▸ **Problem statement**: Every line of the records below from the line with "Local Notation m := (2 * k + 1)%N." up to and including the line with "Lemma c_notin_st i : c i \notin [set s; t]." must be reproduced exactly, and no line outside that range.

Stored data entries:
▼
Lemma tri_sum (R : nmodType) x y z (g : E -> R) : x != y -> y != z -> x != z ->
  \sum_(e in tri x y z) g e = g (mk x y) + g (mk y z) + g (mk z x).
Proof.
move=> xy yz xz; rewrite /tri cyc_sum //; last exact: tri_inj.
by rewrite !big_ord_recl big_ord0 addr0 addrA.
Qed.
End OddCycles.

Section OddCyclePolyhedron.
Variables (R : numDomainType) (n : nat).
Local Notation E := (edge n).

Lemma chi_sum (D : {set E}) (g : E -> R) :
  \sum_e g e * chi R D e = \sum_(e in D) g e.
Proof.
rewrite [RHS]big_mkcond; apply: eq_bigr => e _.
by rewrite /chi; case: (e \in D); rewrite ?mulr1 ?mulr0.
Qed.

Lemma chi_Podd_up (D : {set E}) : is_odd_cycle D -> Podd_up (chi R D).
Proof.
move=> D_odd; exists (chi R D); split=> //.
exists (fun D' => if D' == D then 1 else 0); split=> [D'|D'||].
- by case: ifP.
- by case: ifP => [/eqP -> | _] //; rewrite eqxx.
- by rewrite (bigD1 D) //= eqxx big1 ?addr0 // => D' /negbTE->.
- move=> e; rewrite (bigD1 D) //= eqxx mul1r big1 ?addr0 // => D' /negbTE->.
  exact: mul0r.
Qed.

Lemma Podd_up_up_closed (x y : E -> R) :
  Podd_up x -> (forall e, x e <= y e) -> Podd_up y.
Proof. by move=> [z [z_odd z_le]] x_le; exists z; split=> // e; apply: le_trans (x_le e). Qed.

Lemma valid_ineq_Podd_up (f : (E -> R) -> R) (a : E -> R) (b : R) :
  (forall x, f x = \sum_e a e * x e) -> (forall e, 0 <= a e) ->
  (forall D, is_odd_cycle D -> b <= f (chi R D)) -> valid_ineq (@Podd_up R n) f b.
Proof.
move=> fE a_ge0 f_cyc x [y [[lam [lam_ge0 lam_odd lam_sum1 y_eq]] y_le]].
apply: (@le_trans _ _ (f y)); last first.
  by rewrite !fE; apply: ler_sum => e _; apply: ler_wpM2l.
have -> : f y = \sum_D lam D * f (chi R D).
  rewrite fE; under eq_bigr do rewrite y_eq mulr_sumr.
  rewrite exchange_big /=; apply: eq_bigr => D _.
  by rewrite fE mulr_sumr; apply: eq_bigr => e _; rewrite mulrCA.
rewrite -[b]mul1r -lam_sum1 mulr_suml; apply: ler_sum => D _.
have [->|lam_neq0] := eqVneq (lam D) 0; first by rewrite !mul0r.
by rewrite ler_wpM2l // f_cyc //; apply: lam_odd.
Qed.
End OddCyclePolyhedron.

Section CInducedConstraint.
Variables (R : realFieldType) (k n : nat) (c : 'I_(2 * k + 1) -> 'I_n) (s t : 'I_n).
Hypotheses (k_gt0 : (0 < k)%N) (n_eq : n = (2 * k + 3)%N) (c_inj : injective c).
Hypotheses (st_neq : s != t) (cs_neq : forall i, c i != s) (ct_neq : forall i, c i != t).
Local Notation m := (2 * k + 1)%N.
Local Notation E := (edge n).

Lemma m_odd : odd m. Proof. by rewrite oddD oddM. Qed.
Lemma m_ge3 : (3 <= m)%N. Proof. lia. Qed.

Lemma c_notin_st i : c i \notin [set s; t].
Proof. by rewrite !inE negb_or cs_neq ct_neq. Qed.

Lemma VC_eq : VC c = ~: [set s; t].
Proof.
apply/eqP; rewrite eqEcard; apply/andP; split.
  by apply/subsetP => _ /imsetP[i _ ->]; rewrite inE c_notin_st.
by rewrite cardsCs setCK cards2 st_neq /VC card_imset // !card_ord n_eq /=; lia.
Qed.

Lemma vertex_cases x : x \in [set s; t] \/ exists i, x = c i.
Proof.
case: (boolP (x \in [set s; t])) => [x_st|x_C]; first by left.
right; have /imsetP[i _ ->] : x \in VC c by rewrite VC_eq inE.
by exists i.
Qed.

Lemma card_st : #|[set s; t]| == 2%N. Proof. by rewrite cards2 st_neq. Qed.

Definition st_edge : E := exist _ [set s; t] card_st.
Local Notation mk := (mk st_edge).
▲
▸ **Result below**:
Local Notation m := (2 * k + 1)%N.
Local Notation E := (edge n).

Lemma m_odd : odd m. Proof. by rewrite oddD oddM. Qed.
Lemma m_ge3 : (3 <= m)%N. Proof. lia. Qed.

Lemma c_notin_st i : c i \notin [set s; t].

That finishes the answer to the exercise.